- Collected data entries -
/---

Lemma ce_rank_near_ge i : \forall t \near F, (ce_rank c0 i <= ce_rank (C t) i)%N.
Proof.
apply: dim_limg_near_ge => f b; apply: cvg_v2r_ffun => x.
rewrite ce_diffE ffunE; under eq_fun do rewrite ce_diffE ffunE.
apply: cvg_sumr => j _; apply: cvg_sumr => k _; apply: cvgM; first exact: cvg_cst.
by apply: cvg_sumr => m _; apply: cvgM; [exact: C_cvg | exact: cvg_cst].
Qed.

Lemma betti_near_le i : \forall t \near F, (betti (C t) i.+1 <= betti c0 i.+1)%N.
Proof.
apply: filterS2 (ce_rank_near_ge i.+1) (ce_rank_near_ge i) => t.
by rewrite !betti_ce_rank; lia.
Qed.

End BettiSemicontinuity.

Section Deformations.
Local Open Scope classical_set_scope.
Variable R : realType.

Let unit_interval : set R := [set t | 0 <= t <= 1].

Lemma near0_in_unit_interval_pos (P : R -> Prop) :
  (\forall t \near within unit_interval (nbhs 0), P t) -> exists t, 0 < t <= 1 /\ P t.
Proof.
move=> /nbhs_ballP [e /= e0 Pe]; pose t := Num.min (e / 2) 1.
have t0 : 0 < t by rewrite lt_min ltr01 andbT divr_gt0.
have t1 : t <= 1 by rewrite ge_min lexx orbT.
exists t; split; first by rewrite t0 t1.
apply: Pe; last by rewrite /unit_interval /= t1 ltW.
rewrite -ball_normE /ball_ /= sub0r normrN gtr0_norm // gt_min.
by rewrite ltr_pdivrMr // ltr_pMr // ltr1n.
Qed.

Lemma deformation_cvg0 n (C : R -> sconst R n) c' c :
  is_deformation C c' c ->
  forall a b d, C t a b d @[t --> within unit_interval (nbhs 0)] --> c' a b d.
Proof.
move=> [_ [C_cont [<- _]]] a b d.
have := (subspace_continuousP _ _).1 (C_cont a b d) 0.
by apply; rewrite /= lexx ler01.
Qed.

End Deformations.

Lemma poincare_coef_lt0 (R : realType) n (c' c : sconst R n) k :
  (poincare c' - poincare c)`_k < 0 -> exists i, (betti c' i.+1 < betti c i.+1)%N.
Proof.
have -> : (poincare c' - poincare c)`_k =
    \sum_(1 <= i < n.+1) ((betti c' i)%:Z - (betti c i)%:Z) * (k == i)%:R.
  rewrite coefB /poincare !coefD !coef_sum opprD addrACA subrr add0r -sumrB.
  by apply: eq_bigr => i _; rewrite !coefZ !coefXn mulrBl.
apply: contraPP => /forallNP betti_ge; apply/negP; rewrite -leNgt big_nat_cond.
apply: sumr_ge0 => -[|i] /andP[/andP[i_gt0 _] _] //.
apply: mulr_ge0; last by case: (k == i.+1).
by rewrite subr_ge0 lez_nat leqNgt; apply/negP/betti_ge.
Qed.

Theorem proposition4 (R : realType) (n : nat) (c' c : sconst R n)
  (C : R -> sconst R n) :
  is_lie c' -> is_lie c ->
  is_deformation C c' c ->
  ~ lie_iso c' c ->
  (exists k : nat, (poincare c' - poincare c)`_k < 0) ->
  ~ plateau C.
Proof.
move=> _ _ deform _ [k /poincare_coef_lt0 [i betti_lt]] [_ iso_C1].
have [t [t01 betti_le]] :=
  near0_in_unit_interval_pos (betti_near_le (deformation_cvg0 deform) i).
have [_ [_ [_ iso1]]] := deform.
move: betti_le; rewrite (betti_iso i (iso_C1 t t01)) (betti_iso i iso1).
by rewrite leqNgt betti_lt.
Qed.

\---

- What to do -
Reproduce each line of the records in which "last" appears.

- Solution to the problem -
apply: Pe; last by rewrite /unit_interval /= t1 ltW.
apply: mulr_ge0; last by case: (k == i.+1).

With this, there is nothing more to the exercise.